Recursive CTE SQL: Hierarchies, Date Series, and Graph...
The ANSI SQL:1999 standard was the one that finally added recursive queries. Before that, walking an org chart meant looping in application code, writing Oracle's proprietary CONNECT BY, or admitting defeat and denormalizing the whole hierarchy into a closure table. The 1999 committee borrowed the shape from Datalog research going back to the 1980s: a WITH RECURSIVE form with an anchor and a recursive member joined by UNION ALL.
How Recursive CTEs Work
A recursive CTE has two halves separated by UNION ALL. The anchor member runs first and produces the initial working set. The recursive member then runs against that working set, producing new rows. Those new rows become the working set for the next iteration. This repeats until the recursive member returns an empty result. The engine collects all rows from every iteration into the final output.

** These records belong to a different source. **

Lemma Cgeom_sum (w : C) n :
  ((1 - w) * sum_n (Cpow w) n)%C = (1 - w ^ S n)%C.
Proof.
  induction n as [|n IH].
  - rewrite sum_O; simpl; ring.
  - rewrite sum_Sn; change plus with Cplus.
    rewrite Cmult_plus_distr_l, IH; simpl; ring.
Qed.

Lemma sum_n_root_of_unity (w : C) n :
  (w ^ S n)%C = 1 -> w <> 1 -> sum_n (Cpow w) n = RtoC 0.
Proof.
  intros Hroot Hw.
  assert (Hd : (1 - w)%C <> 0).
  { intro D; apply Hw; replace w with (1 - (1 - w))%C by ring; rewrite D; ring. }
  assert (Hcancel : forall s : C, ((1 - w) * s)%C = 0 -> s = 0).
  { intros s Es.
    transitivity (/ (1 - w) * ((1 - w) * s))%C; [field; exact Hd | rewrite Es; ring]. }
  apply Hcancel; rewrite Cgeom_sum, Hroot; ring.
Qed.

Lemma sum_n_cis_roots N j n : (j <= N)%nat -> (n <= N)%nat ->
  sum_n (fun k => cis (2 * PI * INR k * (INR j - INR n) / INR (S N))) N =
  if Nat.eq_dec j n then RtoC (INR (S N)) else RtoC 0.
Proof.
  intros Hj Hn.
  assert (HS : 0 < INR (S N)) by (apply lt_0_INR; lia).
  set (w := cis (2 * PI * ((INR j - INR n) / INR (S N)))).
  rewrite (sum_n_ext _ (Cpow w))
    by (intros k; unfold w; rewrite cis_pow; f_equal; field; lra).
  destruct (Nat.eq_dec j n) as [<-|Hne].
  - assert (Hw : w = 1).
    { unfold w; rewrite <- (cis_2PI_INR 0); f_equal.
      rewrite Rminus_diag; change (INR 0) with 0; field; lra. }
    rewrite Hw, (sum_n_ext (Cpow 1) (fun _ => RtoC 1)) by (intros; apply Cpow_1_l).
    rewrite sum_n_const_C; C_goal; ring.
  - apply sum_n_root_of_unity; unfold w.
    + rewrite cis_pow, <- (cis_add_2PI _ n).
      replace (INR (S N) * (2 * PI * ((INR j - INR n) / INR (S N))) + 2 * INR n * PI)
        with (2 * PI * INR j) by (field; lra).
      apply cis_2PI_INR.
    + apply cis_2PI_neq1.
      assert (INR j <> INR n) by (intro E; apply Hne, INR_eq, E).
      assert (INR j <= INR N /\ INR n <= INR N) as [] by (split; apply le_INR; auto).
      pose proof (pos_INR j); pose proof (pos_INR n).
      rewrite S_INR in *; rewrite Rabs_div, (Rabs_pos_eq (INR N + 1)) by lra.
      split.
      * apply Rdiv_lt_0_compat; [apply Rabs_pos_lt|]; lra.
      * apply Rlt_div_l; [lra|]; rewrite Rmult_1_l; apply Rabs_def1; lra.
Qed.

Lemma dft_inversion N (A : nat -> C) m :
  sum_n (fun k =>
    (sum_n (fun n => A n * cis (- (2 * PI * INR n * INR k / INR (S N))))%C N
     * cis (INR m * (2 * PI * INR k / INR (S N))))%C) N
  = (INR (S N) * A (m mod S N))%C.
Proof.
  set (j := m mod S N); set (q := (m / S N)%nat).
  assert (Hj : (j <= N)%nat) by (pose proof (Nat.mod_upper_bound m (S N)); lia).
  assert (Hm : m = (j + q * S N)%nat) by (pose proof (Nat.div_mod_eq m (S N)); lia).
  assert (HS : 0 < INR (S N)) by (apply lt_0_INR; lia).
  rewrite (sum_n_ext _ (fun k => sum_n (fun n =>
             (A n * cis (2 * PI * INR k * (INR j - INR n) / INR (S N)))%C) N)).
  2:{ intros k; rewrite <- sum_n_Cmult_r; apply sum_n_ext; intros n.
      rewrite <- Cmult_assoc, cis_add.
      rewrite <- (cis_add_2PI (2 * PI * INR k * (INR j - INR n) / INR (S N)) (k * q)).
      do 2 f_equal; rewrite Hm, plus_INR, !mult_INR; field; lra. }
  rewrite sum_n_switch.
  rewrite (sum_n_ext_loc _ (fun n =>
             (A n * if Nat.eq_dec j n then RtoC (INR (S N)) else RtoC 0)%C))
    by (intros n Hn; rewrite sum_n_Cmult_l, sum_n_cis_roots; auto).
  rewrite (sum_n_single _ j).
  - rewrite (proj2 (Nat.leb_le j N) Hj).
    destruct (Nat.eq_dec j j) as [_|]; [C_goal; ring | congruence].
  - intros n _ Hn; destruct (Nat.eq_dec j n); [congruence | apply Cmult_0_r].
Qed.

(** * Fock amplitudes of the superposition *)

Lemma sqrt_fact_gt0 m : 0 < sqrt (INR (fact m)).
Proof. apply sqrt_lt_R0, INR_fact_lt_0. Qed.

Lemma coherent_polar r t m :
  coherent (RtoC r * cis t)%C m =
  (RtoC (exp (- r ^ 2 / 2) * r ^ m / sqrt (INR (fact m))) * cis (INR m * t))%C.
Proof.
  unfold coherent.
  rewrite Cmod_mult, Cmod_R, Cmod_cis, Rmult_1_r, pow2_abs.
  rewrite Cpow_mult_l, <- RtoC_pow, cis_pow.
  pose proof (sqrt_fact_gt0 m).
  rewrite RtoC_div, !RtoC_mult by lra.
  field; intro H0; apply RtoC_inj in H0; lra.
Qed.

Lemma phi_un_eq N a eps m :
  phi_un N a eps m =
  (RtoC (eps ^ m / sqrt (INR (fact m))
         * (sqrt (INR (fact (m mod S N))) / eps ^ (m mod S N)))
   * a (m mod S N))%C.
Proof.
  set (A n := (RtoC (sqrt (INR (fact n)) / eps ^ n) * a n)%C).
  set (K := exp (eps ^ 2 / 2) / INR (S N) * (exp (- eps ^ 2 / 2) * eps ^ m / sqrt (INR (fact m)))).
  assert (HS : 0 < INR (S N)) by (apply lt_0_INR; lia).
  unfold phi_un, coef, omega.
  rewrite (sum_n_ext _ (fun k => (RtoC K *
    (sum_n (fun n => A n * cis (- (2 * PI * INR n * INR k / INR (S N))))%C N
     * cis (INR m * (2 * PI * INR k / INR (S N)))))%C)).
  2:{ intros k; rewrite coherent_polar.
      rewrite (sum_n_ext _ (fun n => A n * cis (- (2 * PI * INR n * INR k / INR (S N))))%C)
        by (intros n; unfold A; C_goal; ring).
      unfold K; rewrite !RtoC_mult; C_goal; ring. }
  rewrite sum_n_Cmult_l, dft_inversion; unfold A.
  assert (HK : K * INR (S N) = eps ^ m / sqrt (INR (fact m))).
  { unfold K; replace (- eps ^ 2 / 2) with (- (eps ^ 2 / 2)) by field.
    rewrite exp_Ropp; pose proof (exp_pos (eps ^ 2 / 2)); pose proof (sqrt_fact_gt0 m).
    field; lra. }
  rewrite <- HK, !RtoC_mult; C_goal; ring.
Qed.

Lemma phi_un_low N a eps m : eps <> 0 -> (m <= N)%nat -> phi_un N a eps m = a m.
Proof.
  intros Heps Hm; rewrite phi_un_eq, Nat.mod_small by lia.
  pose proof (sqrt_fact_gt0 m); pose proof (pow_nonzero eps m Heps).
  replace (eps ^ m / sqrt (INR (fact m)) * (sqrt (INR (fact m)) / eps ^ m)) with 1
    by (field; lra).
  apply Cmult_1_l.
Qed.

Lemma Cmod_phi_un_sq N a eps m : eps <> 0 ->
  Cmod (phi_un N a eps m) ^ 2 =
  exp_term (eps ^ 2) m / exp_term (eps ^ 2) (m mod S N) * Cmod (a (m mod S N)) ^ 2.
Proof.
  intros Heps; rewrite phi_un_eq, Cmod_mult, Cmod_R, Rpow_mult_distr, pow2_abs.
  set (j := m mod S N); unfold exp_term.
  pose proof (sqrt_fact_gt0 m); pose proof (sqrt_fact_gt0 j).
  pose proof (pow_nonzero eps j Heps).
  assert (Hsq : forall i, (eps ^ 2) ^ i = (eps ^ i) ^ 2)
    by (intros i; rewrite <- !pow_mult; f_equal; lia).
  rewrite !Hsq, <- (pow2_sqrt (INR (fact m))), <- (pow2_sqrt (INR (fact j))) by apply pos_INR.
  rewrite !sqrt_pow2 by lra.
  field; lra.
Qed.

Lemma ex_series_phi_un_sq N a eps : eps <> 0 ->
  ex_series (fun m => Cmod (phi_un N a eps m) ^ 2).
Proof.
  intros Heps; set (x := eps ^ 2).
  assert (Hx : 0 < x) by (apply pow2_gt_0, Heps).
  set (K := sum_n (fun j => Cmod (a j) ^ 2 / exp_term x j) N).
  apply (@ex_series_le R_AbsRing R_CompleteNormedModule _ (fun m => exp_term x m * K)).
  - intros m; change norm with Rabs; rewrite Rabs_pos_eq by apply pow2_ge_0.
    rewrite Cmod_phi_un_sq by exact Heps; fold x.
    set (j := m mod S N).
    pose proof (exp_term_gt0 x m Hx); pose proof (exp_term_gt0 x j Hx).
    assert (Cmod (a j) ^ 2 / exp_term x j <= K).
    { apply (sum_n_ge_term (fun j => Cmod (a j) ^ 2 / exp_term x j)).
      - intros k; pose proof (exp_term_gt0 x k Hx).
        apply Rdiv_le_0_compat; [apply pow2_ge_0 | lra].
      - pose proof (Nat.mod_upper_bound m (S N)); unfold j; lia. }
    replace (exp_term x m / exp_term x j * Cmod (a j) ^ 2)
      with (exp_term x m * (Cmod (a j) ^ 2 / exp_term x j)) by (field; lra).
    apply Rmult_le_compat_l; lra.
  - apply ex_series_scal_r, ex_series_exp_term.
Qed.

Lemma coherent_rank_psi_tilde N a eps : coherent_rank_le (S N) (psi_tilde N a eps).
Proof.
  exists (fun k => (RtoC (/ sqrt (calN N a eps)) * coef N a eps k)%C),
         (fun k => (RtoC eps * omega N k)%C).
  intros m; rewrite csum_sum_n; unfold psi_tilde, phi_un.
  rewrite <- sum_n_Cmult_l; apply sum_n_ext; intros k; C_goal; ring.
Qed.

(** * Normalisation and fidelity *)

Section Construction.

Variables (N : nat) (a : nat -> C).
Hypothesis hsupp : forall n, (N < n)%nat -> a n = 0.
Hypothesis hnorm : sum_n (fun n => Cmod (a n) ^ 2) N = 1.

Lemma Cmod_a_sq_le1 j : (j <= N)%nat -> Cmod (a j) ^ 2 <= 1.
Proof.
  intros Hj; rewrite <- hnorm.
  apply (sum_n_ge_term (fun n => Cmod (a n) ^ 2)); [intros; apply pow2_ge_0 | exact Hj].
Qed.

Lemma calN_split eps : eps <> 0 ->
  calN N a eps = 1 + Series (fun k => Cmod (phi_un N a eps (S N + k)%nat) ^ 2).
Proof.
  intros Heps; unfold calN, sqnorm.
  rewrite (Series_incr_n _ (S N)) by (lia || apply ex_series_phi_un_sq, Heps).
  simpl Nat.pred; rewrite <- sum_n_Reals, <- hnorm; f_equal.
  apply sum_n_ext_loc; intros n Hn; rewrite phi_un_low; auto.
Qed.

Lemma calN_ge1 eps : eps <> 0 -> 1 <= calN N a eps.
Proof.
  intros Heps; rewrite calN_split by exact Heps.
  enough (0 <= Series (fun k => Cmod (phi_un N a eps (S N + k)%nat) ^ 2)) by lra.
  apply Series_nonneg; [intros; apply pow2_ge_0|].
  apply (ex_series_incr_n (fun m => Cmod (phi_un N a eps m) ^ 2)), ex_series_phi_un_sq, Heps.
Qed.

Lemma phi_un_tail_le eps k : eps <> 0 -> Rabs eps < 1 / 2 ->
  Cmod (phi_un N a eps (S N + k)%nat) ^ 2 <= exp_term (eps ^ 2) (S N) * (4 ^ N * (/ 4) ^ k).
Proof.
  intros Heps Hsmall.
  set (x := eps ^ 2).
  assert (Hx : 0 < x <= / 4)
    by (split; [apply pow2_gt_0, Heps | unfold x; rewrite <- pow2_abs; pose proof (Rabs_pos eps); nra]).
  set (m := (S N + k)%nat); set (j := m mod S N); set (q := (m / S N)%nat).
  assert (Hj : (j <= N)%nat) by (pose proof (Nat.mod_upper_bound m (S N)); unfold j; lia).
  assert (Hm : m = (j + q * S N)%nat) by (pose proof (Nat.div_mod_eq m (S N)); unfold j, q; lia).
  (* [m - j] is a positive multiple [S N + s] of [S N], and [k <= s + N] since [j <= N]. *)
  set (s := ((q - 1) * S N)%nat).
  assert (Hms : m = (j + (S N + s))%nat) by (destruct q; unfold s; simpl in *; lia).
  rewrite Cmod_phi_un_sq by exact Heps; fold x m j.
  pose proof (exp_term_gt0 x j (proj1 Hx)); pose proof (exp_term_gt0 x (S N) (proj1 Hx)).
  assert (Hratio : exp_term x m / exp_term x j <= exp_term x (S N) * x ^ s).
  { apply Rmult_le_reg_r with (exp_term x j); [lra|].
    unfold Rdiv; rewrite Rmult_assoc, Rinv_l, Rmult_1_r by lra.
    rewrite Hms; eapply Rle_trans; [apply exp_term_add_le; lra|].
    rewrite Rmult_comm; apply Rmult_le_compat_r; [lra|].
    eapply Rle_trans; [apply exp_term_add_le; lra|].
    apply Rmult_le_compat_l; [lra | apply exp_term_le_pow; lra]. }
  assert (Hgeom : x ^ s <= 4 ^ N * (/ 4) ^ k) by (apply pow_le_geom; [lra | unfold m in Hms; lia]).
  pose proof (Cmod_a_sq_le1 j Hj); pose proof (pow2_ge_0 (Cmod (a j))).
  assert (0 <= exp_term x m / exp_term x j)
    by (pose proof (exp_term_gt0 x m (proj1 Hx)); apply Rdiv_le_0_compat; lra).
  apply Rle_trans with (exp_term x m / exp_term x j); [nra|].
  apply Rle_trans with (1 := Hratio); apply Rmult_le_compat_l; lra.
Qed.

The 1999 committee drew this directly from fixpoint semantics in Datalog: start with a seed, apply a rule, collect new facts, repeat until no new facts arrive. Earlier SQL editions had no native loop construct, so engineers leaned on Oracle's CONNECT BY (added in 1985) or wrote nested procedural PL/SQL. The 1999 form replaced both with a declarative two-part structure that every major engine eventually adopted.
Know Recursive CTE the way the interviewer who asks it knows it.
Base Case and Recursive Case
The anchor member is your base case. It defines where the recursion starts. For an org chart, the base case selects the CEO (WHERE manager_id IS NULL). For a date series, the base case selects the start date. For a graph traversal, the base case selects the source node. Getting the anchor right determines whether the rest of the recursion produces correct results.
The recursive member is the step function. It takes the output from the previous iteration and uses it to find the next set of rows. In a hierarchy, this means joining the base table to the CTE on the parent-child relationship. Each iteration goes one level deeper.
Basic Syntax
WITH RECURSIVE cte_name AS (
-- Anchor member: runs once
SELECT columns
FROM base_table
WHERE starting_condition
UNION ALL
-- Recursive member: runs until zero rows
SELECT columns
FROM base_table
INNER JOIN cte_name ON join_condition
WHERE termination_guard
)
SELECT * FROM cte_name;Use Case: Hierarchical Data
Hierarchies are the most common recursive CTE application. Org charts, category trees, file system paths, bill-of-materials, and comment threads all follow the same parent-child pattern. Without recursive CTEs, you would need either a fixed number of self-joins (which limits depth) or application-layer iteration (which means multiple round trips to the database).
Pulled from debriefs where SQL was the gate.
Key Rules
RECURSIVE keyword
Required in PostgreSQL, MySQL, and SQLite. SQL Server and Oracle omit it (the engine detects self-reference automatically). BigQuery and Snowflake require it.
UNION ALL, not UNION
Always use UNION ALL. Plain UNION deduplicates between iterations, which breaks most hierarchical traversals and can cause the engine to reject the query entirely.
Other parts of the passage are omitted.